Белая Дама дала понять, не прибегая к помощи слов, что считает Майкайлу глупой, ленивой, дурно воспитанной, неподготовленной и совершенно непригодной на роль Великой Волшебницы. Хотя подобное отношение и неприятно, Майкайла была бы готова с ним примириться, если бы оно означало желание Харамис не обращать более на нее внимания и отправить домой. Но не тут-то было. Та опять, в который раз, завела свою лекцию на тему о том, как Майкайле повезло, что ее обучают, вместо того чтобы просто взвалить на плечи неподготовленной юной девушки обязанности волшебницы, как это случилось с самой Харамис. И почему это Майкайла не желает приложить хоть немного усилий во время занятии. Нельзя быть такой вечно надутой и неблагодарной.
Харамис не позаботилась о том, чтобы снабдить свою подопечную годной для улицы одеждой, и Майкайла подозревала, что это не случайно. Сейчас ей пришлось укутаться в одну из мантий самой Харамис — слишком длинную и неудобную, но достаточно теплую, чтобы не закоченеть.
Однако ноги Майкайлы, по-прежнему обутые в тапочки, успели промокнуть и стали замерзать. Площадь была по щиколотку засыпана снегом.
На противоположном конце площади зияла глубокая расселина, перебраться через которую казалось невозможным. Майкайла ожидала, что волшебница вызовет ламмергейеров, но вместо этого слева от собравшихся открылась большая дверь и слуга-виспи вывел к ним по специальному наклонному помосту пару фрониалов.
Майкайла изумилась.
— Как они переберутся на ту сторону? — спросила она, указывая на провал. — С помощью магии?
— Нет, конечно, — отозвалась Харамис. — Орогастус, построив эту башню, заполнил ее всеми устройствами Исчезнувших, какие только мог разыскать, выпросить, купить или украсть. Разумеется, — добавила она презрительно, — он-то считал все это волшебством. По-моему, даже прожив в окружении этих штуковин долгие годы, он так и не понял разницы. Но ты, Майкайла, должна — по крайней мере в процессе обучения — эту разницу осознать. Вызывать ламмергейеров, если можно обойтись и без магии, неразумно. Это должно послужить тебе одним из самых важных уроков: надо знать, когда надлежит пользоваться волшебством, а когда нет.

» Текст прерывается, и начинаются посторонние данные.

Lemma coded_bit_split (S : {set I}) (U U' : Red) T (w : IVs) :
  splits S U T -> U != U' ->
  coded_bit U' w S = piece w U T (slot S U U') (+)
    \big[addb/false]_(p : Red * Bat | splits S p.1 p.2 && (p.1 != U') && (p.1 != U))
       piece w p.1 p.2 (slot S p.1 U').
Proof.
move=> sUT neUU'; rewrite /coded_bit (bigD1 (U, T)) ?sUT //=.
congr addb; apply: eq_bigl => -[X Y] /=.
case sXY: (splits S X Y) => //=; congr andb.
rewrite xpair_eqE; case: eqP => [eqXU | //]; subst X.
suff -> : Y = T by rewrite eqxx.
by apply: val_inj; rewrite (splits_batch sXY) (splits_batch sUT).
Qed.

Lemma decoded_bit_correct (U : Red) (T : Bat) (v : IVs) k :
  [disjoint val U & val T] -> k < iv_len ->
  decoded_bit U (fun U' => encoder U' v) (restrict U v) T k = piece v U T k.
Proof.
move=> dUT lt_k; rewrite /decoded_bit /=.
set S := val U :|: val T.
have sUT : splits S U T by rewrite /splits dUT eqxx.
have cardS := splits_card sUT.
have U_in : U \in members S by rewrite mem_enum inE subsetUl.
have [|U'_in neU'U slotU] := other_member_spec (enum_uniq _) U_in (k := k).
  by rewrite size_members // -subn1.
set U' : Red := other_member _ _ _ in U'_in neU'U slotU *.
have {}slotU : slot S U U' = k by [].
have sU'S : val U' \subset S by move: U'_in; rewrite mem_enum inE.
have [T' sU'T'] := splits_exists cardS sU'S.
rewrite (received_message _ sU'T') (coded_bit_split _ sUT) 1?eq_sym //.
rewrite (piece_restrict _ _ sUT) //; last by rewrite eq_sym.
rewrite slotU -addbA -[RHS]addbF; congr addb.
rewrite -big_split /=; apply: big1 => -[X Y] /= /andP[/andP[sXY neXU'] neXU].
by rewrite !(piece_restrict _ _ sXY) ?subsetUl ?addbb.
Qed.

Lemma decoder_correct (U : Red) (v : IVs) j (n : ctFile Lam r 1) :
  decoder U (fun U' => encoder U' v) v j n = v (U, j) n.
Proof.
case: n => T i; rewrite /decoder /=; case: ifP => [access | no_access].
  by rewrite /restrict /= access.
rewrite (ord1 i) (ord1 j); apply: eq_from_tnth => k.
rewrite tnth_mktuple decoded_bit_correct ?ltn_ord ?(negbFE no_access) //.
by rewrite /piece (tnth_nth false).
Qed.

End CombinatorialTopology.

Lemma ct_load (Lam a r : nat) : a <= Lam -> r <= Lam -> 1 < 'C(r + a, r) ->
  ((\sum_(U : ctReducer Lam a) #|disjoint_batches r U|)%:R
     / ((#|{: ctReducer Lam a}| * 1) * (#|{: ctBatch Lam r}| * 1) * iv_len a r)%:R
   = 'C(Lam - a, r)%:R / ('C(Lam, r)%:R * ('C(r + a, r)%:R - 1)) :> rat)%R.
Proof.
move=> le_aL le_rL gt1_bin.
rewrite (eq_bigr (fun=> 'C(Lam - a, r))) => [|U _]; last exact: card_disjoint_batches.
rewrite sum_nat_const !card_ksubsets !muln1 /iv_len -mulnA.
rewrite !natrM natrB ?(ltnW gt1_bin) //.
by rewrite -mulf_div divff ?mul1r // pnatr_eq0 -lt0n bin_gt0.
Qed.

Theorem theorem4 (Lam a r : nat)
  (ha1 : 1 <= a) (ha2 : a <= Lam - 1) (hr1 : 1 <= r) (hr2 : r <= Lam - a) :
  ct_achievable Lam r a
    (('C(Lam - a, r))%:R / (('C(Lam, r))%:R * (('C(r + a, r))%:R - 1)) : rat)%R.
Proof.
have gt1_bin := bin_addn_gt1 hr1 ha1.
exists 1, 1, (iv_len a r); split => //; first by rewrite subn_gt0.
exists (fun U => #|disjoint_batches r U|), (@encoder Lam a r), (@decoder Lam a r).
split.
- by move=> U v v' agree; rewrite /encoder (restrict_agree agree).
- by move=> U X v v' agree; rewrite /decoder (restrict_agree agree).
- exact: decoder_correct.
- by apply: ct_load => //; lia.
Qed.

— И мне, конечно, надлежит все это узнать от той, которая с помощью волшебных чар убирает со стола после завтрака, — пробормотала Майкайла.
Но Харамис не обратила на нее внимания. Теперь, после столь длительной практики — а одним лишь Владыкам Воздуха известно, как много такой практики выпало на ее долю, — игнорировать подобные высказывания становилось все легче и легче.

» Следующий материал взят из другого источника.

(* Let $\alpha>0$, $h>0$, let $(Y_k)_{k\ge0}$ be i.i.d. random variables with $\mathbb{E}[Y_1]=0$, $\mathbb{E}[Y_1^2]=1$, let $B^h_t=\sqrt{h}\sum_{k=0}^{\lfloor t/h\rfloor}Y_k$, and let $X^h_{0-}$ be a real-valued random variable independent of $(Y_k)$ whose law is atomless. Define, for increasing $\ell$, $X^h_t[\ell]=X^h_{0-}+B^h_t-\alpha\ell_{h\lfloor t/h\rfloor}$, $\tau^h[\ell]=\inf\{t\ge0:X^h_t[\ell]\le0\}$ and $\Gamma_h[\ell]_t=\mathbb{P}(\tau^h[\ell]\le t)$. Let $\underline{\Lambda}^h$ be the minimal solution of the Donsker problem with initial condition $X^h_{0-}$ (see context). Then $\underline{\Lambda}^h=\alpha\lim_{k\to\infty}\Gamma_h^{(k)}[0]$, where $\Gamma_h^{(k)}$ is the $k$-fold iterate of $\Gamma_h$, $0$ denotes the zero function, and the limit is understood in $M$.
   Context: Donsker problem: a deterministic function $\Lambda^h$ is a solution if, with $X^h_t=X^h_{0-}+B^h_t-\Lambda^h_t$ and $\tau^h=\inf\{t\ge0:X^h_t\le0\}$, one has $\Lambda^h_t=\alpha\,\mathbb{P}(\tau^h\le t)$ for all $t\ge0$; a solution $\underline{\Lambda}^h$ is minimal if $\underline{\Lambda}^h\le\Lambda^h$ for every solution $\Lambda^h$. $M$ is the set of càdlàg increasing functions $\ell:\overline{\mathbb{R}}\to[0,1]$ with $\ell_{0-}=0$, $\ell_\infty=1$, with $\ell^n\to\ell$ iff $\ell^n_t\to\ell_t$ at all $t\in[0,\infty]$ where $\ell$ is continuous. *)

From HB Require Import structures.
From mathcomp Require Import all_boot all_order all_algebra.
From mathcomp Require Import all_classical all_reals all_analysis.
Set Implicit Arguments. Unset Strict Implicit. Unset Printing Implicit Defensive.
Import Order.TTheory GRing.Theory Num.Theory.
Import numFieldNormedType.Exports.
Local Open Scope classical_set_scope.
Local Open Scope ring_scope.

Section Donsker.
Context {d : measure_display} {T : measurableType d} {R : realType}.
Variable P : probability T R.

(* (Y_k) mutually independent: product rule for every finite initial
   segment of indices (taking B k = setT gives every finite subfamily). *)
Definition mutually_independent_seq (Y : nat -> T -> R) : Prop :=
  forall (n : nat) (B : nat -> set R), (forall k, measurable (B k)) ->
    P (\bigcap_(k in [set k | (k < n)%N]) (Y k @^-1` B k))
    = (\prod_(k < n) P (Y k @^-1` B k))%E.

Definition identically_distributed_seq (Y : nat -> T -> R) : Prop :=
  forall (k : nat) (B : set R), measurable B ->
    P (Y k @^-1` B) = P (Y 0%N @^-1` B).

(* X independent of sigma(Y_k, k >= 0): product rule against the
   generating pi-system of cylinder events. *)
Definition independent_of_seq (X : T -> R) (Y : nat -> T -> R) : Prop :=
  forall (A : set R) (n : nat) (B : nat -> set R), measurable A ->
    (forall k, measurable (B k)) ->
    P (X @^-1` A `&` \bigcap_(k in [set k | (k < n)%N]) (Y k @^-1` B k))
    = (P (X @^-1` A) * P (\bigcap_(k in [set k | (k < n)%N]) (Y k @^-1` B k)))%E.

Definition atomless_law (X : T -> R) : Prop :=
  forall x : R, P (X @^-1` [set x]) = 0%E.

Definition Bh (h : R) (Y : nat -> T -> R) (t : R) (w : T) : R :=
  Num.sqrt h * \sum_(0 <= k < (Num.truncn (t / h)).+1) Y k w.

Definition hit_time (X : R -> T -> R) (w : T) : \bar R :=
  ereal_inf [set t%:E | t in [set t | 0 <= t /\ X t w <= 0]].

Definition hit_cdf (X : R -> T -> R) (t : R) : R :=
  fine (P [set w | (hit_time X w <= t%:E)%E]).

Definition donsker_solution (alpha h : R) (Y : nat -> T -> R) (X0 : T -> R)
    (Lam : R -> R) : Prop :=
  forall t, 0 <= t ->
    Lam t = alpha * hit_cdf (fun s w => X0 w + Bh h Y s w - Lam s) t.

Definition donsker_minimal_solution (alpha h : R) (Y : nat -> T -> R)
    (X0 : T -> R) (Lam : R -> R) : Prop :=
  donsker_solution alpha h Y X0 Lam /\
  forall Lam', donsker_solution alpha h Y X0 Lam' ->
    forall t, 0 <= t -> Lam t <= Lam' t.

Definition Gamma_h (alpha h : R) (Y : nat -> T -> R) (X0 : T -> R)
    (l : R -> R) : R -> R :=
  hit_cdf (fun s w => X0 w + Bh h Y s w
                      - alpha * l (h * (Num.floor (s / h))%:~R)).

End Donsker.

(* An element l of M is a function on [0,oo) extended by l_{0-} = 0 on
   negative times (and l_oo = 1); its continuity points in [0,oo) are the
   continuity points of this extension. *)
Definition extM {R : realType} (l : R -> R) (t : R) : R :=
  if t < 0 then 0 else l t.

(* The iterates Gamma_h^(k)[0] increase with k, since Gamma_h is monotone and
   Gamma_h[0] >= 0, and by induction they stay below Lambda/alpha for every
   solution Lambda; hence they converge to some Gamma <= underline(Lambda)/alpha.
   At each grid time the walk X_{0-} + B^h has an atomless law, because X_{0-}
   is atomless and independent of the increments.  So the crossing events of
   the iterates increase to the crossing event of Gamma up to a null set, which
   gives Gamma_h[Gamma] = Gamma: alpha Gamma is a solution, and minimality
   forces alpha Gamma = underline(Lambda).  The convergence holds at every
   t >= 0, so neither the continuity of Lambda at t nor the moment and i.i.d.
   assumptions on (Y_k) are needed. *)

From HB Require Import structures.
From mathcomp Require Import all_boot all_order all_algebra.
From mathcomp Require Import all_classical all_reals all_analysis.
From mathcomp Require Import lra.
Set Implicit Arguments.
Unset Strict Implicit.
Unset Printing Implicit Defensive.
Import Order.TTheory GRing.Theory Num.Theory.
Import numFieldNormedType.Exports.
Local Open Scope classical_set_scope.
Local Open Scope ring_scope.

Lemma preimage_measurable d (T : measurableType d) (R : realType) (f : T -> R)
    (A : set R) :
  measurable_fun setT f -> measurable A -> measurable (f @^-1` A).
Proof. by move=> mf mA; rewrite -[_ @^-1` _]setTI; exact: mf. Qed.

Section AtomlessLaw.
Context d (T : measurableType d) (R : realType) (P : probability T R)
  (X : {RV P >-> R}).

Lemma le_law {A B : set R} : measurable A -> measurable B -> A `<=` B ->
  (P (X @^-1` A) <= P (X @^-1` B))%E.
Proof.
move=> mA mB AB; apply: le_measure; rewrite ?inE; try exact: measurable_funPTI.
exact: preimage_subset.
Qed.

Фрониалы оказались хорошо подобранной парой, и Файолон с удивлением наблюдал, как смирно они стоят, пока конюх-виспи нагружает на одного поклажу.
Он заглянул через край скалы в глубь огромного провала, по дну которого бежала река.
— Было бы просто замечательно, если бы фрониалы, или я, или мои вещи могли бы перелететь на ту сторону, — сказал он вежливо. — Вы собираетесь научить меня летать? Или они уже это умеют?
— Ну, разумеется, нет, — ответила Харамис. — Хотя Орогастус, конечно, наверняка считал, что вот это — тоже магия. — Она извлекла из недр своего плаща небольшую серебряную дудочку и подула в нее. Раздался высокий пронзительный звук, и на глазах у удивленных детей из скалы на краю пропасти начала выдвигаться стальная полоса, быстро превратившаяся в узенький мост.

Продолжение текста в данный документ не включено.